Лера с утра проснулась с тяжёлым ощущением в груди, как будто ночью кто-то положил туда камень. На тумбочке мигал телефон — от свекрови было шесть непрочитанных сообщений и одно голосовое.
«Лерочка, не забудь, что сегодня ВАЖНЫЙ вечер», «оденься ПО-ЛЮДСКИ», «гости будут солидные». Между строк легко читалось главное: «не смей выставить меня в дурном свете».
Они с Кириллом уже несколько лет жили у его матери «на время», пока «не встанут на ноги». Это «время» растянулось, а границы так и не появились. Каждое утро начиналось с комментариев: то пол не так помыт, то тарелка «не по центру», то взгляд «слишком холодный».
Про сегодняшний вечер Галина Степановна говорила уже неделю, словно готовилась к экзамену. Перечисляла фамилии гостей, их должности, сколько у кого квартир, кто во что одет бывал «на приличных приёмах». От Леры требовалось одно — не портить картинку.
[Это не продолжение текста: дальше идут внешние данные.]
Lemma right_deriv_ge (f : R -> R) (a l K d0 : R) : right_deriv f a l -> 0 < d0 ->
  (forall h, 0 < h < d0 -> K * h <= f (a + h) - f a) -> K <= l.
Proof.
  intros Hd Hd0 Hinc. apply Ropp_le_cancel.
  apply (right_limit_le (fun h => - ((f (a + h) - f a) / h)) (- l) (- K) d0); [|assumption|].
  - intros eps Heps. destruct (Hd eps Heps) as [delta [Hdelta Hclose]].
    exists delta; split; [assumption|]. intros h Hh.
    rewrite <- Rabs_Ropp. replace (- (- ((f (a + h) - f a) / h) - - l))
      with ((f (a + h) - f a) / h - l) by ring. now apply Hclose.
  - intros h Hh. apply Ropp_le_contravar. apply Rle_div_r; [lra|]. now apply Hinc.
Qed.

Lemma left_deriv_backward (f : R -> R) (a l : R) : left_deriv f a l ->
  forall eps, 0 < eps -> exists delta, 0 < delta /\
    forall h, 0 < h < delta -> Rabs ((f a - f (a - h)) / h - l) < eps.
Proof.
  intros Hd eps Heps. destruct (Hd eps Heps) as [delta [Hdelta Hclose]].
  exists delta; split; [assumption|]. intros h Hh.
  specialize (Hclose (- h) ltac:(lra)).
  replace (a + - h) with (a - h) in Hclose by ring.
  replace ((f a - f (a - h)) / h) with ((f (a - h) - f a) / - h) by (field; lra).
  exact Hclose.
Qed.

Lemma left_deriv_le (f : R -> R) (a l K d0 : R) : left_deriv f a l -> 0 < d0 ->
  (forall h, 0 < h < d0 -> f a - f (a - h) <= K * h) -> l <= K.
Proof.
  intros Hd Hd0 Hinc.
  apply (right_limit_le (fun h => (f a - f (a - h)) / h) l K d0); [now apply left_deriv_backward|assumption|].
  intros h Hh. apply Rle_div_l; [lra|]. now apply Hinc.
Qed.

Lemma left_deriv_ge (f : R -> R) (a l K d0 : R) : left_deriv f a l -> 0 < d0 ->
  (forall h, 0 < h < d0 -> K * h <= f a - f (a - h)) -> K <= l.
Proof.
  intros Hd Hd0 Hinc. apply Ropp_le_cancel.
  apply (right_limit_le (fun h => - ((f a - f (a - h)) / h)) (- l) (- K) d0); [|assumption|].
  - intros eps Heps. destruct (left_deriv_backward f a l Hd eps Heps) as [delta [Hdelta Hclose]].
    exists delta; split; [assumption|]. intros h Hh.
    rewrite <- Rabs_Ropp. replace (- (- ((f a - f (a - h)) / h) - - l))
      with ((f a - f (a - h)) / h - l) by ring. now apply Hclose.
  - intros h Hh. apply Ropp_le_contravar. apply Rle_div_r; [lra|]. now apply Hinc.
Qed.

Lemma derivable_right_deriv (f : R -> R) (a l : R) :
  derivable_pt_lim f a l -> right_deriv f a l.
Proof.
  intros H eps Heps. destruct (H eps Heps) as [[delta Hdelta] Hclose].
  exists delta; split; [assumption|]. intros h Hh.
  apply Hclose; [lra|]. simpl. rewrite Rabs_right; lra.
Qed.

Lemma derivable_left_deriv (f : R -> R) (a l : R) :
  derivable_pt_lim f a l -> left_deriv f a l.
Proof.
  intros H eps Heps. destruct (H eps Heps) as [[delta Hdelta] Hclose].
  exists delta; split; [assumption|]. intros h Hh.
  apply Hclose; [lra|]. simpl. rewrite Rabs_left; lra.
Qed.

Lemma nondecreasing_right_deriv_nonneg (f : R -> R) (a l : R) :
  nondecreasing_nonneg f -> right_deriv f a l -> 0 <= a -> 0 <= l.
Proof.
  intros Hf Hd Ha. apply (right_deriv_ge f a l 0 1 Hd); [lra|].
  intros h Hh. pose proof (Hf a (a + h) Ha ltac:(lra)). lra.
Qed.

Lemma nonincreasing_left_deriv_nonpos (f : R -> R) (a l : R) :
  nonincreasing_nonneg f -> left_deriv f a l -> 0 < a -> l <= 0.
Proof.
  intros Hf Hd Ha. apply (left_deriv_le f a l 0 a Hd Ha).
  intros h Hh. pose proof (Hf (a - h) a ltac:(lra) ltac:(lra)). lra.
Qed.

Lemma convex_chord (f : R -> R) (a b c : R) : convex_nonneg f ->
  0 <= a -> a < b -> b < c -> (c - a) * f b <= (c - b) * f a + (b - a) * f c.
Proof.
  intros Hf Ha Hab Hbc.
  set (t := (c - b) / (c - a)).
  assert (Ht : 0 <= t <= 1).
  { unfold t; split.
    - apply Rdiv_le_0_compat; lra.
    - apply Rle_div_l; lra. }
  pose proof (Hf a c t Ha ltac:(lra) Ht) as Hconv.
  replace (t * a + (1 - t) * c) with b in Hconv by (unfold t; field; lra).
  apply (Rmult_le_compat_l (c - a)) in Hconv; [|lra].
  replace ((c - a) * (t * f a + (1 - t) * f c)) with ((c - b) * f a + (b - a) * f c)
    in Hconv by (unfold t; field; lra).
  exact Hconv.
Qed.

Lemma convex_right_tangent (f : R -> R) (a b l : R) : convex_nonneg f ->
  right_deriv f a l -> 0 <= a -> a < b -> f a + l * (b - a) <= f b.
Proof.
  intros Hf Hd Ha Hab.
  assert (Hl : l <= (f b - f a) / (b - a)).
  { apply (right_deriv_le f a l _ (b - a) Hd); [lra|].
    intros h Hh. pose proof (convex_chord f a (a + h) b Hf Ha ltac:(lra) ltac:(lra)).
    replace ((f b - f a) / (b - a) * h) with ((f b - f a) * h / (b - a)) by (field; lra).
    apply Rle_div_r; [lra|]. nra. }
  apply Rle_div_r in Hl; lra.
Qed.

Lemma convex_left_secant (f : R -> R) (a b l : R) : convex_nonneg f ->
  left_deriv f b l -> 0 <= a -> a < b -> f b - f a <= l * (b - a).
Proof.
  intros Hf Hd Ha Hab.
  assert (Hl : (f b - f a) / (b - a) <= l).
  { apply (left_deriv_ge f b l _ (b - a) Hd); [lra|].
    intros h Hh. pose proof (convex_chord f a (b - h) b Hf Ha ltac:(lra) ltac:(lra)).
    replace ((f b - f a) / (b - a) * h) with ((f b - f a) * h / (b - a)) by (field; lra).
    apply Rle_div_l; [lra|]. nra. }
  apply Rle_div_l in Hl; lra.
Qed.

Lemma convex_left_tangent (f : R -> R) (b c l : R) : convex_nonneg f ->
  left_deriv f b l -> 0 < b -> b < c -> l * (c - b) <= f c - f b.
Proof.
  intros Hf Hd Hb Hbc.
  assert (Hl : l <= (f c - f b) / (c - b)).
  { apply (left_deriv_le f b l _ b Hd Hb).
    intros h Hh. pose proof (convex_chord f (b - h) b c Hf ltac:(lra) ltac:(lra) Hbc).
    replace ((f c - f b) / (c - b) * h) with ((f c - f b) * h / (c - b)) by (field; lra).
    apply Rle_div_r; [lra|]. nra. }
  apply Rle_div_r in Hl; lra.
Qed.

Lemma convex_left_le_right (f : R -> R) (b l r : R) : convex_nonneg f ->
  left_deriv f b l -> right_deriv f b r -> 0 < b -> l <= r.
Proof.
  intros Hf Hl Hr Hb. apply (right_deriv_ge f b r l 1 Hr); [lra|].
  intros h Hh. pose proof (convex_left_tangent f b (b + h) l Hf Hl Hb ltac:(lra)). nra.
Qed.

Lemma convex_deriv_mono (f : R -> R) (a b r l : R) : convex_nonneg f ->
  right_deriv f a r -> left_deriv f b l -> 0 <= a -> a < b -> r <= l.
Proof.
  intros Hf Hr Hl Ha Hab.
  pose proof (convex_right_tangent f a b r Hf Hr Ha Hab).
  pose proof (convex_left_secant f a b l Hf Hl Ha Hab). nra.
Qed.

Lemma convex_below_line (f : R -> R) (X q Q l : R) : convex_nonneg f ->
  left_deriv f Q l -> 0 <= X -> X <= q <= Q -> f q <= f X + l * (q - X).
Proof.
  intros Hf Hd HX Hq.
  destruct (Rle_lt_or_eq_dec X q ltac:(lra)) as [HXq|HXq]; [|subst q; lra].
  destruct (Rle_lt_or_eq_dec q Q ltac:(lra)) as [HqQ|HqQ]; [|subst q].
  - pose proof (convex_chord f X q Q Hf HX HXq HqQ).
    pose proof (convex_left_secant f X Q l Hf Hd HX ltac:(lra)). nra.
  - pose proof (convex_left_secant f X Q l Hf Hd HX HXq). lra.
Qed.

Lemma convex_support (f : R -> R) (x y l : R) : convex_nonneg f -> 0 <= x -> 0 <= y ->
  right_deriv f x l -> (0 < x -> left_deriv f x l) -> f x + l * (y - x) <= f y.
Proof.
  intros Hf Hx Hy Hr Hl.
  destruct (Rtotal_order x y) as [Hxy|[Hxy|Hyx]].
  - now apply convex_right_tangent.
  - subst y; lra.
  - pose proof (convex_left_secant f y x l Hf (Hl ltac:(lra)) Hy Hyx). nra.
Qed.

Lemma continuous_nonneg_extend (f : R -> R) : continuous_nonneg f ->
  forall z, continuous (fun q => f (Rmax 0 q)) z.
Proof.
  intros Hf z. apply continuity_pt_filterlim.
  intros eps Heps.
  destruct (Hf (Rmax 0 z) (Rmax_l 0 z) eps Heps) as [delta [Hdelta Hclose]].
  exists delta; split; [assumption|].
  intros y [_ Hy]. simpl in *. unfold R_dist in *.
  apply Hclose; [apply Rmax_l|].
  eapply Rle_lt_trans; [|exact Hy].
  unfold Rmax; destruct (Rle_dec 0 y), (Rle_dec 0 z);
    unfold Rabs; repeat destruct Rcase_abs; lra.
Qed.

Lemma continuous_nonneg_ex_RInt (f : R -> R) (a b : R) : continuous_nonneg f ->
  0 <= a -> 0 <= b -> ex_RInt f a b.
Proof.
  intros Hf Ha Hb.
  apply (ex_RInt_ext (fun q => f (Rmax 0 q))).
  - intros q Hq. f_equal. apply Rmax_right.
    unfold Rmin in Hq. destruct (Rle_dec a b); lra.
  - apply (@ex_RInt_continuous R_CompleteNormedModule).
    intros z _. now apply continuous_nonneg_extend.
Qed.

Lemma RInt0_RInt (f : R -> R) (b : R) : continuous_nonneg f -> 0 <= b ->
  RInt0 f b = RInt f 0 b.
Proof.
  intros Hf Hb. unfold RInt0.
  assert (Hint : Riemann_integrable f 0 b).
  { apply ex_RInt_Reals_0. apply continuous_nonneg_ex_RInt; lra || assumption. }
  destruct (epsilon_spec (inhabits 0)
    (fun I => exists pr : Riemann_integrable f 0 b, RiemannInt pr = I))
    as [pr Hpr]; [now exists (RiemannInt Hint), Hint|].
  rewrite <- Hpr. symmetry. apply RInt_Reals.
Qed.

Lemma RInt_split (f : R -> R) (a b : R) : continuous_nonneg f -> 0 <= a -> 0 <= b ->
  RInt f 0 b = RInt f 0 a + RInt f a b.
Proof.
  intros Hf Ha Hb. symmetry.
  apply (@RInt_Chasles R_CompleteNormedModule);
    apply continuous_nonneg_ex_RInt; lra || assumption.
Qed.

Lemma is_RInt_affine (al be a b : R) :
  is_RInt (fun q => al + be * q) a b (al * (b - a) + be * (b * b - a * a) / 2).
Proof.
  set (F := fun q => al * q + be * (q * q) / 2).
  replace (al * (b - a) + be * (b * b - a * a) / 2) with (minus (F b) (F a))
    by (unfold F, minus, plus, opp; simpl; field).
  apply (@is_RInt_derive R_CompleteNormedModule).
  - intros q _. unfold F. auto_derive; [exact I|]. field.
  - intros q _. apply (@continuous_plus R_UniformSpace R_AbsRing R_NormedModule); [apply continuous_const|].
    apply (@continuous_mult R_UniformSpace R_AbsRing); [apply continuous_const|apply continuous_id].
Qed.

Lemma RInt_le_affine (f : R -> R) (al be a b : R) : continuous_nonneg f -> 0 <= a <= b ->
  (forall q, a < q < b -> f q <= al + be * q) ->
  RInt f a b <= al * (b - a) + be * (b * b - a * a) / 2.
Proof.
  intros Hf Hab Hle. rewrite <- (is_RInt_unique _ _ _ _ (is_RInt_affine al be a b)).
  apply RInt_le; [lra| apply continuous_nonneg_ex_RInt; lra || assumption
                 | eexists; apply is_RInt_affine | assumption].
Qed.

Lemma RInt_ge_affine (f : R -> R) (al be a b : R) : continuous_nonneg f -> 0 <= a <= b ->
  (forall q, a < q < b -> al + be * q <= f q) ->
  al * (b - a) + be * (b * b - a * a) / 2 <= RInt f a b.
Proof.
  intros Hf Hab Hge. rewrite <- (is_RInt_unique _ _ _ _ (is_RInt_affine al be a b)).
  apply RInt_le; [lra| eexists; apply is_RInt_affine
                 | apply continuous_nonneg_ex_RInt; lra || assumption | assumption].
Qed.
Она долго стояла перед шкафом. Перебирала вешалки, трогала ткань пальцами, прислушиваясь к себе. Яркой, броской одежды у неё почти не было — не прижилась. В итоге Лера достала привычное серое платье до колен, ровное, спокойное. В нём ей было… безопасно. Она посмотрела в зеркало, подтянула ремешок, собрала волосы, нанесла лёгкий макияж и, вроде бы немного выровняв дыхание, вышла в коридор.
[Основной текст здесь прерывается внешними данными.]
(* For any $F\in\mathscr{F}_{\mathrm{opt}}\cap\mathscr{F}_2$, there exists $i\in\mathcal{R}_F$ such that $|\mathcal{P}^2_{F,i}|=4$.
   Context: $\mathcal{S}$ is a finite source alphabet with $|\mathcal{S}|\ge 2$ and $\mathcal{C}=\{0,1\}$; $\mathcal{A}^k,\mathcal{A}^{\ast},\mathcal{A}^{+}$ are sequences of length $k$, finite, positive finite length; $\lambda$ empty sequence; $\preceq$ prefix, $\prec$ proper prefix; $\mathrm{suff}(x_1\cdots x_n)=x_2\cdots x_n$. A code-tuple $F$ with $m\ge1$ code tables consists of maps $f_i:\mathcal{S}\to\mathcal{C}^{\ast}$ and $\tau_i:\mathcal{S}\to\{0,\dots,m-1\}$, $i\in[F]=\{0,\dots,m-1\}$. $f_i^{\ast}(\lambda)=\lambda$, $\tau_i^{\ast}(\lambda)=i$, and for $\pmb{x}=x_1\cdots x_n\ne\lambda$, $f_i^{\ast}(\pmb{x})=f_i(x_1)f^{\ast}_{\tau_i(x_1)}(\mathrm{suff}(\pmb{x}))$, $\tau_i^{\ast}(\pmb{x})=\tau^{\ast}_{\tau_i(x_1)}(\mathrm{suff}(\pmb{x}))$. For integer $k\ge0$, $\pmb{b}\in\mathcal{C}^{\ast}$: $\mathcal{P}^k_{F,i}(\pmb{b})$ is the set of $\pmb{c}\in\mathcal{C}^k$ such that some $\pmb{x}=x_1\cdots x_n\in\mathcal{S}^{+}$ has $f_i^{\ast}(\pmb{x})\succeq\pmb{b}\pmb{c}$ and $f_i(x_1)\succeq\pmb{b}$; $\bar{\mathcal{P}}^k_{F,i}(\pmb{b})$ the same with $f_i(x_1)\succ\pmb{b}$; $\mathcal{P}^k_{F,i}=\mathcal{P}^k_{F,i}(\lambda)$. $F\in\mathscr{F}_{2\text{-}\mathrm{dec}}$ if $\mathcal{P}^2_{F,\tau_i(s)}\cap\bar{\mathcal{P}}^2_{F,i}(f_i(s))=\emptyset$ for all $i,s$, and $\mathcal{P}^2_{F,\tau_i(s)}\cap\mathcal{P}^2_{F,\tau_i(s')}=\emptyset$ whenever $s\ne s'$, $f_i(s)=f_i(s')$. $F\in\mathscr{F}_{\mathrm{ext}}$ if $\mathcal{P}^1_{F,i}\ne\emptyset$ for all $i$. Fix $\mu:\mathcal{S}\to(0,1]$ with $\sum_s\mu(s)=1$; $Q(F)$ has entries $Q_{i,j}(F)=\sum_{s:\tau_i(s)=j}\mu(s)$; $F\in\mathscr{F}_{\mathrm{reg}}$ if $\pmb{\pi}Q(F)=\pmb{\pi}$, $\sum_i\pi_i=1$ has a unique solution $\pmb{\pi}(F)$; then $L(F)=\sum_i\pi_i(F)\sum_s|f_i(s)|\mu(s)$. $\mathscr{F}_0=\mathscr{F}_{\mathrm{reg}}\cap\mathscr{F}_{\mathrm{ext}}\cap\mathscr{F}_{2\text{-}\mathrm{dec}}$; $\mathscr{F}_{\mathrm{opt}}$ is the set of $F\in\mathscr{F}_0$ with $L(F)\le L(F')$ for all $F'\in\mathscr{F}_0$. $\mathscr{F}_2=\{F\in\mathscr{F}_{\mathrm{reg}}\cap\mathscr{F}_{2\text{-}\mathrm{dec}}:|\mathcal{P}^2_{F,i}|\ge3\ \forall i\in[F]\}$. $\mathcal{R}_F=\{i\in[F]:\text{for every }j\in[F]\text{ there is }\pmb{x}\in\mathcal{S}^{\ast}\text{ with }\tau^{\ast}_j(\pmb{x})=i\}$. *)

From HB Require Import structures.
From mathcomp Require Import all_boot all_order all_algebra.
From mathcomp Require Import boolp reals.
И именно в этот момент из комнаты свекрови донёсся резкий стук каблуков.
Воздух в квартире ещё до прихода гостей стал вязким и тяжёлым, словно кто-то растворил в нём настой раздражения и тревоги. Галина Степановна замерла у двери, оглядывая невестку так, как будто перед ней был чужой, испорченный эскиз.
— Ты вообще видела себя в зеркале в этом тряпье?! — взвилась она. — Даже не думай позорить меня перед моими гостями!
Лера даже вдохнуть толком не успела.
Фраза ударила, как пощёчина. Она опустила взгляд — на простое серое платье до колен, аккуратное, без лишних деталей, с тонким ремешком. Волосы собраны, лёгкий макияж — всё как всегда.
— Оно чистое… и вполне приличное… — неуверенно выдохнула она. — Что с ним не так?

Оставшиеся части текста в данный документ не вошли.